Serving Size: 8

4 md tomatoes
2 tablespoon oil
2 pound flank steak
1 md green pepper — sliced
3 tablespoon soy sauce
1 md onion — sliced
2 tablespoon dry sherry
1 beef bouillon cube
10 milliliter garlic — minced
3/4 cup boiling water
1/2 teaspoon ground ginger
2 tablespoon cornstarch
1/8 teaspoon ground black pepper
2 tablespoon cold water

Cooking Directions:

Thinly slice beef on the diagonal (for easy slicing,place meat in the
freezer until slightly frozen);place in a snug-fitting bowl.Combine soy
sauce,sherry,garlic,and black pepper;pour over meat,tossing to coat
completely.Cover and refrigerate 8 to 10 hours. In a large skillet or
wok,heat oil. Add green pepper and onion saute for 2 minutes.Dissolve
bouillon cube in boiling water.
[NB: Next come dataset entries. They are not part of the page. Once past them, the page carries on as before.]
Definition gram_row_weight i :=
  (- p i) ^ n * (1 - a * p i) ^ (- k) * (1 - b / p i) ^ (- l) * (1 - c * p i) ^ m.
Definition gram_col_weight j :=
  (q j)^-1 ^ n * (1 + a * q j)^-1 ^ (- k) * (1 + b / q j)^-1 ^ (- l) * (1 + c * q j)^-1 ^ m.

Local Notation G al be e1 e2 e3 :=
  (gram_mx p q gram_row_weight gram_col_weight C (gram_dress al be e1 e2 e3)).

Lemma tau_gram_shift (dn dk dl dm : int) :
  tau (n + dn) (k + dk) (l + dl) (m + dm) =
  \det (gram_mx p q gram_row_weight gram_col_weight C (fun P Q =>
     (- (P / Q)) ^ dn * ((1 - a * P) / (1 + a * Q)) ^ (- dk)
     * ((1 - b / P) / (1 + b / Q)) ^ (- dl) * ((1 - c * P) / (1 + c * Q)) ^ dm)).
Proof.
rewrite /tau_gram; congr (\det _); apply/matrixP => i j; rewrite !mxE !opprD.
rewrite !expfzDr; try by nz.
rewrite /gram_row_weight /gram_col_weight -[- (p i / q j)]mulNr !expfzMl.
ring.
Qed.

(* An l-shift multiplies the kernel by -(P / Q) (1 + b^-1 Q) / (1 - b^-1 P),
   hence the compensating shift of n. *)
Lemma tau_gram_dress_b e1 e2 e3 n' l' m' :
  n' = n + e1%:Z - e2%:Z -> l' = l + e2%:Z -> m' = m - e3%:Z ->
  tau n' k l' m' = \det (G b^-1 c e1 e2 e3).
Proof.
move=> -> -> ->; rewrite -[k]addr0 -addrA tau_gram_shift /gram_dress.
congr (\det _); apply/matrixP => i j; rewrite !mxE; congr (_ + _ * (_ * _)).
rewrite expfzDr ?exprnP; try by nz.
rewrite oppr0 expr0z mulr1 -!exprz_inv -!exprnP.
rewrite -[_ * _ ^+ e2 * _ ^+ e2]mulrA -exprMn; congr (_ * _ ^+ _ * _ ^+ _).
  by field; nz.
by field; nz.
Qed.

Lemma tau_gram_dress_a e1 e2 e3 n' k' m' :
  n' = n + e1%:Z -> k' = k + e2%:Z -> m' = m - e3%:Z ->
  tau n' k' l m' = \det (G a c e1 e2 e3).
Proof.
move=> -> -> ->; rewrite -[l]addr0 tau_gram_shift /gram_dress.
congr (\det _); apply/matrixP => i j; rewrite !mxE; congr (_ + _ * (_ * _)).
rewrite oppr0 expr0z mulr1 -!exprz_inv -!exprnP; congr (_ * _ ^+ _ * _ ^+ _).
  by field; nz.
by field; nz.
Qed.

Lemma tau_gram_bilinear_lm :
  tau n k (l + 1) m * tau n k l (m - 1)
    - b * c * tau (n + 1) k l (m - 1) * tau (n - 1) k (l + 1) m
  = (1 - b * c) * tau n k l m * tau n k (l + 1) (m - 1).
Proof.
have -> : tau n k (l + 1) m = \det (G b^-1 c 1 1 0) by apply: tau_gram_dress_b; lia.
have -> : tau n k l (m - 1) = \det (G b^-1 c 0 0 1) by apply: tau_gram_dress_b; lia.
have -> : tau (n + 1) k l (m - 1) = \det (G b^-1 c 1 0 1) by apply: tau_gram_dress_b; lia.
have -> : tau (n - 1) k (l + 1) m = \det (G b^-1 c 0 1 0) by apply: tau_gram_dress_b; lia.
have -> : tau n k l m = \det (G b^-1 c 0 0 0) by apply: tau_gram_dress_b; lia.
have -> : tau n k (l + 1) (m - 1) = \det (G b^-1 c 1 1 1) by apply: tau_gram_dress_b; lia.
transitivity (- (b * c) * (\det (G b^-1 c 1 0 1) * \det (G b^-1 c 0 1 0)
  - b^-1 / c * \det (G b^-1 c 1 1 0) * \det (G b^-1 c 0 0 1))).
  by field; rewrite b0 c0.
rewrite (gram_bilinear _ _ _ (invr_neq0 b0) c0 pq0 q0 binv_p0 cp0).
by field; rewrite b0 c0.
Qed.

Lemma tau_gram_bilinear_km :
  tau (n + 1) k l (m - 1) * tau n (k + 1) l m
    - a / c * tau (n + 1) (k + 1) l m * tau n k l (m - 1)
  = (1 - a / c) * tau n k l m * tau (n + 1) (k + 1) l (m - 1).
Proof.
have -> : tau (n + 1) k l (m - 1) = \det (G a c 1 0 1) by apply: tau_gram_dress_a; lia.
have -> : tau n (k + 1) l m = \det (G a c 0 1 0) by apply: tau_gram_dress_a; lia.
have -> : tau (n + 1) (k + 1) l m = \det (G a c 1 1 0) by apply: tau_gram_dress_a; lia.
have -> : tau n k l (m - 1) = \det (G a c 0 0 1) by apply: tau_gram_dress_a; lia.
have -> : tau n k l m = \det (G a c 0 0 0) by apply: tau_gram_dress_a; lia.
have -> : tau (n + 1) (k + 1) l (m - 1) = \det (G a c 1 1 1) by apply: tau_gram_dress_a; lia.
exact: gram_bilinear _ _ _ a0 c0 pq0 q0 ap0 cp0.
Qed.

End Weights.

Lemma tau_gram_bilinear : satisfies_bilinear a b c tau.
Proof. by move=> n k l m; split; [apply: tau_gram_bilinear_lm | apply: tau_gram_bilinear_km]. Qed.

End GramTau.

Section CasoratiTau.
Variables (R : fieldType) (a b c : R) (N : nat) (i0 : 'I_N).
Variables (p q cc dd : 'I_N -> R).
Hypotheses (b0 : b != 0) (c0 : c != 0) (p0 : forall i, p i != 0) (q0 : forall i, q i != 0)
  (ap0 : forall i, 1 - a * p i != 0) (aq0 : forall i, 1 - a * q i != 0)
  (bp0 : forall i, 1 - b / p i != 0) (bq0 : forall i, 1 - b / q i != 0)
  (cp0 : forall i, 1 - c * p i != 0) (cq0 : forall i, 1 - c * q i != 0).

Local Notation phi := (phi_cas a b c p q cc dd).
Local Notation tau := (tau_cas a b c p q cc dd).

Lemma phi_cas_k i t k l m :
  phi i t k l m = phi i t (k + 1) l m - a * phi i (t + 1) (k + 1) l m.
Proof.
rewrite /phi_cas !opprD !expfzDr ?expr1z ?exprN1 ?p0 ?q0 ?ap0 ?aq0 //.
by field; rewrite ap0 aq0.
Qed.

Lemma phi_cas_m i t k l m :
  phi i t k l m = phi i t k l (m - 1) - c * phi i (t + 1) k l (m - 1).
Proof.
rewrite /phi_cas !expfzDr ?expr1z ?exprN1 ?p0 ?q0 ?cp0 ?cq0 //.
by field; rewrite cp0 cq0.
Qed.

Lemma phi_cas_l i t k l m :
  phi i t k l m = phi i t k (l + 1) m - b * phi i (t - 1) k (l + 1) m.
Proof.
have pb0 : p i - b != 0.
  by rewrite (_ : p i - b = p i * (1 - b / p i)) ?mulf_neq0 //; field; rewrite p0.
have qb0 : q i - b != 0.
  by rewrite (_ : q i - b = q i * (1 - b / q i)) ?mulf_neq0 //; field; rewrite q0.
rewrite /phi_cas !opprD !expfzDr ?expr1z ?exprN1 ?p0 ?q0 ?bp0 ?bq0 //.
by field; rewrite pb0 qb0 p0 q0.
Qed.

(* Rows of the Casorati matrix as nat-indexed sequences; rows beyond N are
   junk copies of row i0 and never enter a determinant. *)
Definition phi_seq n0 k l m i t := phi (insubd i0 i) (n0 + t%:Z) k l m.
(* Let $q$ be a large prime, $m=o(\log q)$, and $t$ a positive integer with $t^m=o(\sqrt q)$. Let $s_2,\dots,s_{m-1}$ be the elements (other than $0,1$) of a uniformly random evaluation set, i.e. distinct random elements of $\mathbb{F}_q\setminus\{0,1\}$. Define \[A_0=\tfrac{1}{1-s_2}[t]+\cdots+\tfrac{1}{1-s_{m-1}}[t],\qquad A_1=\tfrac{1}{s_2}[t]+\cdots+\tfrac{1}{s_{m-1}}[t].\] Then with high probability (as $q\to\infty$), $|A_0|=\Omega(t^{m-2})$ and $|A_1|=\Omega(t^{m-2})$.
   Context: $[t]=\{1,\dots,t\}$ viewed as a subset of $\mathbb{F}_q$; for $\lambda\in\mathbb{F}_q$, $\lambda[t]=\{\lambda a: a\in[t]\}$; for subsets $A,B$ of an abelian group, $A+B=\{a+b: a\in A,b\in B\}$. *)

From HB Require Import structures.
From mathcomp Require Import all_boot all_order all_algebra all_field.
From mathcomp Require Import reals exp Rstruct.
Set Implicit Arguments. Unset Strict Implicit. Unset Printing Implicit Defensive.
Import Order.TTheory GRing.Theory Num.Theory.
Local Open Scope ring_scope.

Notation RR := Rdefinitions.R.

Definition intv (F : finFieldType) (t : nat) : {set F} :=
  [set (i.+1)%:R | i : 'I_t].

Definition dil (F : finFieldType) (l : F) (A : {set F}) : {set F} :=
  [set l * a | a in A].

Definition sumset (F : finFieldType) (A B : {set F}) : {set F} :=
  [set a + b | a in A, b in B].

(* s : 'I_k -> F encodes (s_2, ..., s_{m-1}) with k = m - 2, s i = s_{i+2}. *)
Definition A0set (F : finFieldType) (k t : nat) (s : {ffun 'I_k -> F}) : {set F} :=
  \big[@sumset F/[set 0]]_(i < k) dil (1 - s i)^-1 (intv F t).

Definition A1set (F : finFieldType) (k t : nat) (s : {ffun 'I_k -> F}) : {set F} :=
  \big[@sumset F/[set 0]]_(i < k) dil (s i)^-1 (intv F t).

Definition eval_tuple (F : finFieldType) (k : nat) (s : {ffun 'I_k -> F}) : bool :=
  injectiveb s && [forall i, (s i != 0) && (s i != 1)].

Definition prob (F : finFieldType) (k : nat) (E : pred {ffun 'I_k -> F}) : RR :=
  (#|[set s : {ffun 'I_k -> F} | eval_tuple s && E s]|%:R / #|[set s : {ffun 'I_k -> F} | eval_tuple s]|%:R).

From HB Require Import structures.
From mathcomp Require Import all_boot all_order all_algebra all_field.
From mathcomp Require Import reals exp Rstruct.
From mathcomp Require Import zify lra.
Import Order.TTheory GRing.Theory Num.Theory.
Local Open Scope ring_scope.
Set Implicit Arguments. Unset Strict Implicit.
Definition size_fun (phi : str -> str) (n : nat) : nat :=
  \max_(a <- strings_upto n) size (phi a).

Inductive sopoly : Type :=
  | SPpoly : seq nat -> sopoly
  | SPadd  : sopoly -> sopoly -> sopoly
  | SPmul  : sopoly -> sopoly -> sopoly
  | SPapp  : sopoly -> sopoly.

Fixpoint sopoly_eval (P : sopoly) (l : nat -> nat) (n : nat) : nat :=
  match P with
  | SPpoly cs => \sum_(i < size cs) nth 0 cs i * n ^ i
  | SPadd P1 P2 => sopoly_eval P1 l n + sopoly_eval P2 l n
  | SPmul P1 P2 => sopoly_eval P1 l n * sopoly_eval P2 l n
  | SPapp P1 => l (sopoly_eval P1 l n)
  end.

(** Tape alphabet {blank,0,1} = option bool.
    Tapes are one-way infinite (cells indexed by nat), represented by their
    finite content (everything beyond is blank) and the head position.
    Tape 0 = input tape, tape 1 = query tape, tape 2 = output tape,
    tapes 3 .. 3+k-1 = work tapes. *)
Definition sym := option bool.
Inductive move := MoveL | MoveS | MoveR.
Definition tape := (seq sym * nat)%type.
Definition tape0 : tape := ([::], 0).
Definition action := (sym * move)%type.

Record OTM := {
  otm_Q : finType;
  otm_k : nat;                      (* number of work tapes *)
  otm_start : otm_Q;
  otm_halt : otm_Q;
  otm_query : otm_Q;
  otm_answer : otm_Q;               (* state after an oracle call *)
  otm_delta : otm_Q -> seq sym -> otm_Q * seq action
}.

Definition ntapes (M : OTM) := (otm_k M).+3.

Definition read (t : tape) : sym := nth None t.1 t.2.

Definition do_action (a : action) (t : tape) : tape :=
  let s := set_nth None t.1 t.2 a.1 in
  match a.2 with
  | MoveL => (s, t.2.-1)
  | MoveS => (s, t.2)
  | MoveR => (s, t.2.+1)
  end.

Fixpoint contents (s : seq sym) : str :=
  match s with
  | Some b :: s' => b :: contents s'
  | _ => [::]
  end.

Definition encode (a : str) : tape := (map Some a, 0).

Definition config (M : OTM) := (otm_Q M * seq tape)%type.

Definition init (M : OTM) (a : str) : config M :=
  (otm_start M, encode a :: nseq (ntapes M).-1 tape0).

Definition step (M : OTM) (phi : str -> str) (c : config M) : config M :=
  if c.1 == otm_halt M then c
  else if c.1 == otm_query M then
    (otm_answer M, set_nth tape0 c.2 1 (encode (phi (contents (nth tape0 c.2 1).1))))
  else
    let (q', acts) := otm_delta (c.1) (map read c.2) in
    (q', mkseq (fun i => do_action (nth (None, MoveS) acts i) (nth tape0 c.2 i))
               (size c.2)).

Definition output (M : OTM) (c : config M) : str := contents (nth tape0 c.2 2).1.

(** Since halting configurations are fixed by [step], "M^phi halts on a
    within t steps" is "the configuration after t steps is halting". *)
Definition run (M : OTM) (phi : str -> str) (a : str) (t : nat) : config M :=
  iter t (step phi) (init M a).

Definition computes_in_time (A : (str -> str) -> Prop)
    (F : (str -> str) -> str -> str) (M : OTM) (P : sopoly) : Prop :=
  forall phi, A phi -> forall a : str,
    let c := run M phi a (sopoly_eval P (size_fun phi) (size a)) in
    c.1 = otm_halt M /\ output c = F phi a.

Definition restricted_polytime (A : (str -> str) -> Prop)
    (F : (str -> str) -> str -> str) : Prop :=
  exists (M : OTM) (P : sopoly), computes_in_time A F M P.

Definition polytime (F : (str -> str) -> str -> str) : Prop :=
  restricted_polytime (fun _ => True) F.
(* Let $\mathcal{L}$ be an abstract logic with the weak isomorphism property, let $\tau$ be a vocabulary and let $T \subseteq \mathcal{L}(\tau)$ be a theory. If $T$ has a model $\mathfrak{A}$ of cardinality $\lambda$, then for every cardinal $\kappa > \lambda$ there exist a model $\mathfrak{B}$ of $T$ of cardinality $\kappa$ and a surjective strict homomorphism from $\mathfrak{B}$ onto $\mathfrak{A}$ (and hence a weak isomorphism between $\mathfrak{B}$ and $\mathfrak{A}$).
   Context: Vocabularies may contain relation, function and constant symbols. An abstract logic $\mathcal{L}$ assigns to each vocabulary $\tau$ a set of sentences $\mathcal{L}(\tau)$ and a satisfaction relation between $\tau$-structures and these sentences, satisfying the basic closure properties of abstract logics in the sense of Barwise–Feferman (isomorphism, reduct/expansion, renaming, closure under Boolean connectives, etc.), where the atom property is taken with respect to first-order logic without identity $\mathcal{L}^-_{\omega\omega}$ (i.e. atomic formulas are those not involving $=$); the relativization property is not required. A strict homomorphism from $\mathfrak{B}$ to $\mathfrak{A}$ is a map $h\colon B\to A$ such that for every $n$-ary relation symbol $P$ and $b_1,\dots,b_n\in B$: $P^{\mathfrak{B}}(b_1,\dots,b_n)$ iff $P^{\mathfrak{A}}(h(b_1),\dots,h(b_n))$; for every function symbol $f$: $h(f^{\mathfrak{B}}(b_1,\dots,b_n)) = f^{\mathfrak{A}}(h(b_1),\dots,h(b_n))$; and $h(c^{\mathfrak{B}})=c^{\mathfrak{A}}$ for constants $c$. A weak isomorphism (relativeness correspondence) between $\tau$-structures $\mathfrak{A}$ and $\mathfrak{B}$ is a relation $R\subseteq A\times B$ with domain all of $A$ and range all of $B$ such that whenever $a_iRb_i$ for $i=1,\dots,n$: $P^{\mathfrak{A}}(a_1,\dots,a_n)$ iff $P^{\mathfrak{B}}(b_1,\dots,b_n)$ for each $n$-ary relation symbol $P$, $f^{\mathfrak{A}}(a_1,\dots,a_n)\,R\,f^{\mathfrak{B}}(b_1,\dots,b_n)$ for each $n$-ary function symbol $f$, and $c^{\mathfrak{A}} R c^{\mathfrak{B}}$ for each constant $c$. We write $\mathfrak{A}\sim\mathfrak{B}$ if such an $R$ exists. $\mathcal{L}$ has the weak isomorphism property if $\mathfrak{A}\sim\mathfrak{B}$ implies that $\mathfrak{A}$ and $\mathfrak{B}$ satisfy the same $\mathcal{L}$-sentences. *)

From Stdlib Require Import Fin.

Record vocab : Type := Vocab {
  rel_sym : Type;
  rel_arity : rel_sym -> nat;
  fun_sym : Type;
  fun_arity : fun_sym -> nat;
  const_sym : Type
}.

Record structure (tau : vocab) (A : Type) : Type := Struct {
  rel_interp : forall P : rel_sym tau, (Fin.t (rel_arity tau P) -> A) -> Prop;
  fun_interp : forall f : fun_sym tau, (Fin.t (fun_arity tau f) -> A) -> A;
  const_interp : const_sym tau -> A
}.
Arguments rel_interp {tau A} _ _ _.
Arguments fun_interp {tau A} _ _ _.
Arguments const_interp {tau A} _ _.

Definition strict_hom {tau : vocab} {B A : Type}
  (MB : structure tau B) (MA : structure tau A) (h : B -> A) : Prop :=
  (forall (P : rel_sym tau) (bs : Fin.t (rel_arity tau P) -> B),
      rel_interp MB P bs <-> rel_interp MA P (fun i => h (bs i))) /\
  (forall (f : fun_sym tau) (bs : Fin.t (fun_arity tau f) -> B),
      h (fun_interp MB f bs) = fun_interp MA f (fun i => h (bs i))) /\
  (forall c : const_sym tau, h (const_interp MB c) = const_interp MA c).

Definition surjective {X Y : Type} (h : X -> Y) : Prop :=
  forall y, exists x, h x = y.

Definition injective {X Y : Type} (h : X -> Y) : Prop :=
  forall x x', h x = h x' -> x = x'.

Definition isomorphism {tau : vocab} {A B : Type}
  (MA : structure tau A) (MB : structure tau B) (h : A -> B) : Prop :=
  injective h /\ surjective h /\ strict_hom MA MB h.

Definition weak_iso_rel {tau : vocab} {A B : Type}
  (MA : structure tau A) (MB : structure tau B) (R : A -> B -> Prop) : Prop :=
  (forall a, exists b, R a b) /\
  (forall b, exists a, R a b) /\
  (forall (P : rel_sym tau) (as_ : Fin.t (rel_arity tau P) -> A)
          (bs : Fin.t (rel_arity tau P) -> B),
      (forall i, R (as_ i) (bs i)) ->
      (rel_interp MA P as_ <-> rel_interp MB P bs)) /\
  (forall (f : fun_sym tau) (as_ : Fin.t (fun_arity tau f) -> A)
          (bs : Fin.t (fun_arity tau f) -> B),
      (forall i, R (as_ i) (bs i)) ->
      R (fun_interp MA f as_) (fun_interp MB f bs)) /\
  (forall c : const_sym tau, R (const_interp MA c) (const_interp MB c)).

Definition weakly_isomorphic {tau : vocab} {A B : Type}
  (MA : structure tau A) (MB : structure tau B) : Prop :=
  exists R, weak_iso_rel MA MB R.

Inductive cterm (tau : vocab) : Type :=
| TConst : const_sym tau -> cterm tau
| TFun : forall f : fun_sym tau, (Fin.t (fun_arity tau f) -> cterm tau) -> cterm tau.
Arguments TConst {tau} _.
Arguments TFun {tau} _ _.

Fixpoint eval_term {tau : vocab} {A : Type} (M : structure tau A)
  (t : cterm tau) : A :=
  match t with
  | TConst c => const_interp M c
  | TFun f ts => fun_interp M f (fun i => eval_term M (ts i))
  end.

Record atom_sentence (tau : vocab) : Type := Atom {
  atom_rel : rel_sym tau;
  atom_args : Fin.t (rel_arity tau atom_rel) -> cterm tau
}.

Definition sat_atom {tau : vocab} {A : Type} (M : structure tau A)
  (a : atom_sentence tau) : Prop :=
  rel_interp M (atom_rel tau a) (fun i => eval_term M (atom_args tau a i)).

(** Abstract logics (the basic Barwise--Feferman closure properties that can
    be stated per vocabulary). *)
Record abstract_logic : Type := AbsLogic {
  sentence : vocab -> Type;
  sat : forall (tau : vocab) (A : Type), structure tau A -> sentence tau -> Prop;
  logic_iso : forall tau (A B : Type) (MA : structure tau A) (MB : structure tau B)
      (h : A -> B), isomorphism MA MB h ->
      forall phi, sat tau A MA phi <-> sat tau B MB phi;
  logic_neg : forall tau (phi : sentence tau), exists psi : sentence tau,
      forall A (M : structure tau A), sat tau A M psi <-> ~ sat tau A M phi;
  logic_and : forall tau (phi chi : sentence tau), exists psi : sentence tau,
      forall A (M : structure tau A),
        sat tau A M psi <-> (sat tau A M phi /\ sat tau A M chi);
  logic_atom : forall tau (a : atom_sentence tau), exists psi : sentence tau,
      forall A (M : structure tau A), sat tau A M psi <-> sat_atom M a
}.

Arguments sat _ {tau A} _ _.

Definition weak_iso_property (L : abstract_logic) : Prop :=
  forall tau (A B : Type) (MA : structure tau A) (MB : structure tau B),
    weakly_isomorphic MA MB ->
    forall phi : sentence L tau, sat L MA phi <-> sat L MB phi.

Definition is_model (L : abstract_logic) {tau : vocab} {A : Type}
  (M : structure tau A) (T : sentence L tau -> Prop) : Prop :=
  forall phi, T phi -> sat L M phi.

Definition card_lt (X Y : Type) : Prop :=
  (exists f : X -> Y, injective f) /\ ~ (exists g : Y -> X, injective g).

(* Embed A into K by an injection f and let h : K -> A be a left inverse of f.
   Pull the structure of A back along h: a relation holds of a tuple iff it holds
   of the image tuple, and functions and constants are evaluated in A and sent
   back through f.  Then h is a surjective strict homomorphism, its graph is a
   weak isomorphism, and the weak isomorphism property transfers T. *)

From Stdlib Require Import ClassicalEpsilon FunctionalExtensionality.

Lemma injective_has_retraction {X Y : Type} (f : X -> Y) :
  inhabited X -> injective f -> exists g : Y -> X, forall x, g (f x) = x.
Proof.
  intros HX Hf.
  exists (fun y => epsilon HX (fun x => f x = y)).
  intro x. apply Hf.
  exact (epsilon_spec HX (fun x' => f x' = f x) (ex_intro _ x eq_refl)).
Qed.

Lemma retraction_surjective {X Y : Type} (h : X -> Y) (s : Y -> X) :
  (forall y, h (s y) = y) -> surjective h.
Proof. intros Hhs y. exists (s y). apply Hhs. Qed.

Section Pullback.

Variables (tau : vocab) (A K : Type) (MA : structure tau A).
Variables (h : K -> A) (s : A -> K).

Definition pullback_structure : structure tau K :=
  Struct tau K
    (fun P bs => rel_interp MA P (fun i => h (bs i)))
    (fun g bs => s (fun_interp MA g (fun i => h (bs i))))
    (fun c => s (const_interp MA c)).

Lemma pullback_strict_hom :
  (forall a, h (s a) = a) -> strict_hom pullback_structure MA h.
Proof.
  intro Hhs. split; [|split]; intros; simpl.
  - reflexivity.
  - apply Hhs.
  - apply Hhs.
Qed.

End Pullback.

Lemma strict_hom_weak_iso_rel {tau : vocab} {B A : Type}
  (MB : structure tau B) (MA : structure tau A) (h : B -> A) :
  surjective h -> strict_hom MB MA h -> weak_iso_rel MB MA (fun b a => h b = a).
Proof.
  intros Hsurj [Hrel [Hfun Hconst]].
  split; [|split; [|split; [|split]]].
  - intro b. exists (h b). reflexivity.
  - exact Hsurj.
  - intros P bs as_ Hi.
    replace as_ with (fun i => h (bs i)) by (apply functional_extensionality; exact Hi).
    apply Hrel.
  - intros f bs as_ Hi.
    replace as_ with (fun i => h (bs i)) by (apply functional_extensionality; exact Hi).
    apply Hfun.
  - apply Hconst.
Qed.

Lemma weak_iso_property_model (L : abstract_logic) {tau : vocab} {B A : Type}
  (MB : structure tau B) (MA : structure tau A) (T : sentence L tau -> Prop) :
  weak_iso_property L -> weakly_isomorphic MB MA ->
  is_model L MA T -> is_model L MB T.
Proof.
  intros HW Hwi HM phi Hphi.
  apply (HW _ _ _ MB MA Hwi). auto.
Qed.

Theorem lemma3 :
  forall (L : abstract_logic), weak_iso_property L ->
  forall (tau : vocab) (T : sentence L tau -> Prop)
         (A : Type) (MA : structure tau A),
    inhabited A ->
    is_model L MA T ->
    forall K : Type, card_lt A K ->
      exists MB : structure tau K,
        is_model L MB T /\
        (exists h : K -> A, surjective h /\ strict_hom MB MA h) /\
        weakly_isomorphic MB MA.
Proof.
  intros L HW tau T A MA HA HM K [[f Hf] _].
  destruct (injective_has_retraction f HA Hf) as [h Hhf].
  set (MB := pullback_structure tau A K MA h f).
  assert (Hsurj : surjective h) by exact (retraction_surjective h f Hhf).
  assert (Hhom : strict_hom MB MA h) by exact (pullback_strict_hom tau A K MA h f Hhf).
  assert (Hwi : weakly_isomorphic MB MA)
    by (eexists; exact (strict_hom_weak_iso_rel MB MA h Hsurj Hhom)).
  exists MB. split; [|split].
  - exact (weak_iso_property_model L MB MA T HW Hwi HM).
  - exists h. split; assumption.
  - exact Hwi.
Qed.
Add beef and marinate.Bring to boiling
point.Reduce heat and simmer,covered for 8 minutes.Blend cornstarch with
cold water. Stir into mixture in skillet.Cook and stir until thickened.Cut
tomatoes into wedges;add to skillet;stir gently.Cover and simmer, just
until tomatoes are hot,about 3 minutes.Serve hot over rice with
scallions,if desired.Serves 6 to 8.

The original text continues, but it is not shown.